BTW...this H3 was an 08 Alpha Adv. Pak with a cast-iron front pumpkin (no locker). Perhaps it was a late-production 08 model? Perhaps Alphas came with CI diffs in 08? I'm not sure. But keep your eyes open...apparently there are cast iron diffs in some 08 models (until yesterday, I didn't think so).
If you remember, when I blew mine, I worked out a deal for a CI carrier. It's from an '08 Alpha. No '08 (Alpha or otherwise), had a front locker, but ALL Alphas did have the CI front carrier. .
 

backcountryislife

Well-Known Member
Messages
858
Location
Dumont, CO
If you remember, when I blew mine, I worked out a deal for a CI carrier. It's from an '08 Alpha. No '08 (Alpha or otherwise), had a front locker, but ALL Alphas did have the CI front carrier. .

Yeah, this is the same diff housing I gave to Chris last year, the CI without the locker. It was from an 08 alpha... sounds like that was the gig for 08.

So glad to see folks with solutions that are working for them. I'm stoked to see some folks get some real trail miles on them to see how they honestly hold up.

Someone needs to come to CO, and let me drive one... after two runs up my back yard trail it'll have to be stamped "PROVEN" as no stock one ever made two trips up the trail!! :D
 

Hunner

Well-Known Member
Messages
2,334
Location
Arkansas
My 08 has a cast iron diff and they called them "offroad" packages on the 08 Alpha at least instead of "adventure" like they used to be on I-5 models.
 

08H3

Well-Known Member
Messages
1,315
Location
United States
My 08 has a cast iron diff and they called them "offroad" packages on the 08 Alpha at least instead of "adventure" like they used to be on I-5 models.

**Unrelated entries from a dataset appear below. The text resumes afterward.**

(* There exists a set $A\subseteq\omega^\omega$ (e.g. $A=\{\bar 0\}$, the singleton of the all-zero sequence) such that both $A$ and its complement $\omega^\omega\setminus A$ are computably enumerable in Kleene's second model $\mathcal{K}_2$, but $A$ is not decidable in $\mathcal{K}_2$.
   Context: Kleene's second model $\mathcal{K}_2$ is the pca with underlying set $\omega^\omega$ in which $\alpha\cdot\beta$ is the result of applying the continuous (partial) functional coded by $\alpha$ to $\beta$. In a pca $\mathcal{A}$, with $\mathsf{true}=k$ and $\mathsf{false}=ki$ ($i=skk$, where $k,s$ are the standard combinators), a set $A\subseteq\mathcal{A}$ is decidable if there is a total $c\in\mathcal{A}$ with $ca=\mathsf{true}$ iff $a\in A$ and $ca=\mathsf{false}$ iff $a\notin A$; $A$ is computably enumerable (c.e.) in $\mathcal{A}$ if $A=\{a\mid ea\downarrow\}$ for some $e\in\mathcal{A}$. *)

From Stdlib Require Import Arith List.
Import ListNotations.

Definition baire := nat -> nat.

Definition cpair (x y : nat) : nat := (x + y) * (x + y + 1) / 2 + y.

Fixpoint code (l : list nat) : nat :=
  match l with
  | [] => 0
  | x :: l' => S (cpair x (code l'))
  end.

Definition prefix (b : baire) (m : nat) : list nat := map b (seq 0 m).

Definition app (a b g : baire) : Prop :=
  forall n, exists m,
    0 < a (code (n :: prefix b m)) /\
    (forall m', m' < m -> a (code (n :: prefix b m')) = 0) /\
    g n = a (code (n :: prefix b m)) - 1.

Definition defined (a b : baire) : Prop := exists g, app a b g.

Definition is_k (k : baire) : Prop :=
  forall x y, exists kx, app k x kx /\ app kx y x.

Definition is_s (s : baire) : Prop :=
  forall x y, exists sx sxy, app s x sx /\ app sx y sxy /\
    forall z w, app sxy z w <->
      exists xz yz, app x z xz /\ app y z yz /\ app xz yz w.

(* false = k i with i = s k k ; true = k *)
Definition is_false (k s f : baire) : Prop :=
  exists sk i, app s k sk /\ app sk k i /\ app k i f.

Definition decidable (k s : baire) (A : baire -> Prop) : Prop :=
  exists c f, is_false k s f /\
    (forall a, defined c a) /\
    (forall a, app c a k <-> A a) /\
    (forall a, app c a f <-> ~ A a).

Definition ce (A : baire -> Prop) : Prop :=
  exists e, forall a, defined e a <-> A a.

(* Application in K2 is continuous: the n-th output of [c . a] is determined by
   a finite prefix of [a].  Since [true = k] and [false = k i] differ at some
   argument n, a decider for A has constant value on a neighbourhood of every
   point, so a decidable set is open.  The singleton of the zero sequence is not
   open (the sequence 0^m 1 1 1 ... is arbitrarily close to it), yet it and its
   complement are c.e.: an oracle can accept an input once it has seen a long
   enough prefix of zeros, respectively a nonzero entry. *)
From Pilot Require Import Defs.
From Stdlib Require Import Arith Lia List Wf_nat Classical ClassicalEpsilon
  FunctionalExtensionality.
Import ListNotations.

Definition triangle (s : nat) : nat := s * (s + 1) / 2.

Lemma triangle_S s : triangle (S s) = triangle s + S s.
Proof.
  unfold triangle. replace (S s * (S s + 1)) with (s * (s + 1) + S s * 2) by lia.
  rewrite Nat.div_add by lia. lia.
Qed.

Lemma triangle_gap s s' : s < s' -> triangle s + s < triangle s'.
Proof.
  induction s' as [|s' IH]; intros Hlt; [lia|].
  rewrite triangle_S. destruct (Nat.eq_dec s s') as [->|Hne]; [lia|].
  specialize (IH ltac:(lia)). lia.
Qed.

Lemma cpair_inj x y x' y' : cpair x y = cpair x' y' -> x = x' /\ y = y'.
Proof.
  unfold cpair. fold (triangle (x + y)) (triangle (x' + y')). intros E.
  destruct (lt_eq_lt_dec (x + y) (x' + y')) as [[Hlt|Heq]|Hlt].
  - pose proof (triangle_gap _ _ Hlt). lia.
  - rewrite Heq in E. lia.
  - pose proof (triangle_gap _ _ Hlt). lia.
Qed.

Lemma code_inj l l' : code l = code l' -> l = l'.
Proof.
  revert l'; induction l as [|x l IH]; intros [|x' l'] E; simpl in *;
    try discriminate; auto.
  injection E as E. apply cpair_inj in E as [-> E]. f_equal; auto.
Qed.

Lemma length_prefix a m : length (prefix a m) = m.
Proof. unfold prefix. now rewrite length_map, length_seq. Qed.

Lemma in_prefix a m x : In x (prefix a m) <-> exists j, j < m /\ a j = x.
Proof.
  unfold prefix. rewrite in_map_iff. split.
  - intros [j [<- Hj]]. apply in_seq in Hj. exists j; split; [lia|auto].
  - intros [j [Hj <-]]. exists j; split; auto. apply in_seq; lia.
Qed.

Lemma prefix_ext a a' m :
  (forall j, j < m -> a j = a' j) -> prefix a m = prefix a' m.
Proof.
  intros Hagree. unfold prefix. apply map_ext_in.
  intros j Hj. apply in_seq in Hj. apply Hagree; lia.
Qed.

Lemma app_functional a b g g' : Defs.app a b g -> Defs.app a b g' -> g = g'.
Proof.
  intros H H'. extensionality n.
  destruct (H n) as [m [Hm [Hmin E]]], (H' n) as [m' [Hm' [Hmin' E']]].
  destruct (lt_eq_lt_dec m m') as [[Hlt|<-]|Hlt].
  - specialize (Hmin' _ Hlt); lia.
  - congruence.
  - specialize (Hmin _ Hlt); lia.
Qed.

Lemma app_continuous c a g n : Defs.app c a g ->
  exists m, forall a' g', (forall j, j < m -> a j = a' j) ->
    Defs.app c a' g' -> g' n = g n.
Proof.
  intros Happ. destruct (Happ n) as [m [Hm [Hmin E]]].
  exists m. intros a' g' Hagree Happ'.
  destruct (Happ' n) as [m' [Hm' [Hmin' E']]].
  assert (Hpre : forall i, i <= m -> prefix a i = prefix a' i)
    by (intros i Hi; apply prefix_ext; intros j Hj; apply Hagree; lia).
  destruct (lt_eq_lt_dec m m') as [[Hlt|<-]|Hlt].
  - specialize (Hmin' _ Hlt). rewrite <- Hpre in Hmin' by lia. lia.
  - rewrite E, E', Hpre by lia. reflexivity.
  - specialize (Hmin _ Hlt). rewrite Hpre in Hmin by lia. lia.
Qed.

(* Any function is a code in K2, so [P] need not be decidable: we decide it by
   excluded middle. *)
Definition prefix_oracle (P : nat -> list nat -> Prop) : baire := fun x =>
  if excluded_middle_informative (exists n l, x = code (n :: l) /\ P n l)
  then 1 else 0.

Lemma prefix_oracle_pos P n l : 0 < prefix_oracle P (code (n :: l)) <-> P n l.
Proof.
  unfold prefix_oracle. destruct excluded_middle_informative as [[n' [l' [E HP]]]|HnP].
  - split; [intros _|lia]. apply code_inj in E. now injection E as -> ->.
  - split; [lia|]. intros HP. exfalso; eauto.
Qed.

Lemma prefix_oracle_le1 P x : prefix_oracle P x <= 1.
Proof. unfold prefix_oracle. destruct excluded_middle_informative; lia. Qed.

Lemma defined_prefix_oracle P a :
  defined (prefix_oracle P) a <-> forall n, exists m, P n (prefix a m).
Proof.
  split.
  - intros [g Hg] n. destruct (Hg n) as [m [Hm _]].
    exists m. now apply prefix_oracle_pos.
  - intros Hex. exists (fun _ => 0). intros n.
    destruct (dec_inh_nat_subset_has_unique_least_element
                (fun m => P n (prefix a m)) (fun m => classic _) (Hex n))
      as [m [[HPm Hleast] _]].
    exists m. split; [|split].
    + now apply prefix_oracle_pos.
    + intros m' Hm'. destruct (prefix_oracle P (code (n :: prefix a m'))) eqn:E;
        [reflexivity|].
      assert (HPm' : P n (prefix a m')) by (apply prefix_oracle_pos; lia).
      specialize (Hleast _ HPm'). lia.
    + apply prefix_oracle_pos in HPm.
      pose proof (prefix_oracle_le1 P (code (n :: prefix a m))). lia.
Qed.

Lemma ce_prefix_witnessed (P : nat -> list nat -> Prop) :
  ce (fun a => forall n, exists m, P n (prefix a m)).
Proof. exists (prefix_oracle P). apply defined_prefix_oracle. Qed.

Lemma is_k_app_neq k x kx : is_k k -> Defs.app k x kx -> kx <> k.
Proof.
  intros Hk Hkx ->.
  assert (Hconst : forall y, Defs.app k y x).
  { intros y. destruct (Hk x y) as [kx' [Hkx' Hkx'y]].
    now rewrite <- (app_functional _ _ _ _ Hkx Hkx') in Hkx'y. }
  destruct (Hk (fun _ => 0) (fun _ => 0)) as [k0 [Hk0 Hk00]].
  destruct (Hk (fun _ => 1) (fun _ => 0)) as [k1 [Hk1 Hk10]].
  rewrite <- (app_functional _ _ _ _ (Hconst _) Hk0) in Hk00.
  rewrite <- (app_functional _ _ _ _ (Hconst _) Hk1) in Hk10.
  pose proof (app_functional _ _ _ _ Hk00 Hk10) as E.
  discriminate (f_equal (fun h => h 0) E).
Qed.

Lemma decidable_open k s A a : is_k k -> decidable k s A -> A a ->
  exists m, forall a', (forall j, j < m -> a j = a' j) -> A a'.
Proof.
  intros Hk [c [f [[sk [i [_ [_ Hf]]]] [Htot [Htrue Hfalse]]]]] Ha.
  assert (Hn : exists n, k n <> f n).
  { apply NNPP. intros Hall. apply (is_k_app_neq _ _ _ Hk Hf).
    extensionality n. apply NNPP. eauto. }
  destruct Hn as [n Hn].
  destruct (app_continuous c a k n (proj2 (Htrue a) Ha)) as [m Hcont].
  exists m. intros a' Hagree. apply NNPP. intros HnA'.
  apply Hn. symmetry. apply (Hcont a'); auto. now apply Hfalse.
Qed.

Definition zero_seq (a : baire) : Prop := forall i, a i = 0.

Lemma ce_zero_seq : ce zero_seq.
Proof.
  destruct (ce_prefix_witnessed
              (fun n l => n < length l /\ forall x, In x l -> x = 0)) as [e He].
  exists e. intros a. rewrite He. split.
  - intros Hpre i. destruct (Hpre i) as [m [Hlen Hzero]].
    rewrite length_prefix in Hlen. apply Hzero, in_prefix. eauto.
  - intros Hz n. exists (S n). rewrite length_prefix. split; [lia|].
    intros x Hx. apply in_prefix in Hx as [j [_ <-]]. apply Hz.
Qed.

Lemma ce_not_zero_seq : ce (fun a => ~ zero_seq a).
Proof.
  destruct (ce_prefix_witnessed (fun _ l => exists x, In x l /\ x <> 0)) as [e He].
  exists e. intros a. rewrite He. split.
  - intros Hpre Hz. destruct (Hpre 0) as [m [x [Hx Hne]]].
    apply in_prefix in Hx as [j [_ <-]]. apply Hne, Hz.
  - intros Hnz _. apply not_all_ex_not in Hnz as [i Hi].
    exists (S i), (a i). split; [apply in_prefix; eauto|assumption].
Qed.

Lemma zero_seq_not_open m :
  ~ forall a', (forall j, j < m -> 0 = a' j) -> zero_seq a'.
Proof.
  intros Hopen.
  specialize (Hopen (fun j => if j <? m then 0 else 1)) as Hz.
  assert (Hagree : forall j, j < m -> 0 = (if j <? m then 0 else 1)).
  { intros j Hj. now apply Nat.ltb_lt in Hj as ->. }
  specialize (Hz Hagree m). cbn beta in Hz.
  now rewrite Nat.ltb_irrefl in Hz.
Qed.

Theorem mainTheorem4 :
  exists A : baire -> Prop,
    ce A /\ ce (fun a => ~ A a) /\
    (forall k s : baire, is_k k -> is_s s -> ~ decidable k s A).
Proof.
  exists zero_seq. split; [exact ce_zero_seq|split; [exact ce_not_zero_seq|]].
  intros k s Hk _ Hdec.
  destruct (decidable_open k s zero_seq (fun _ => 0) Hk Hdec (fun _ => eq_refl))
    as [m Hopen].
  exact (zero_seq_not_open m Hopen).
Qed.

If I remember correctly, if you got the leather interior, it was the "luxury package", and then from that you could add the "offroad" package as Hunner said. This was the same for 5's and 8's. My I-5 was an H3 with both the luxury and offroad package according to the sticker. Of course, back to this thread, all of them came with a steering bushing more suited to a Chevy Sonic.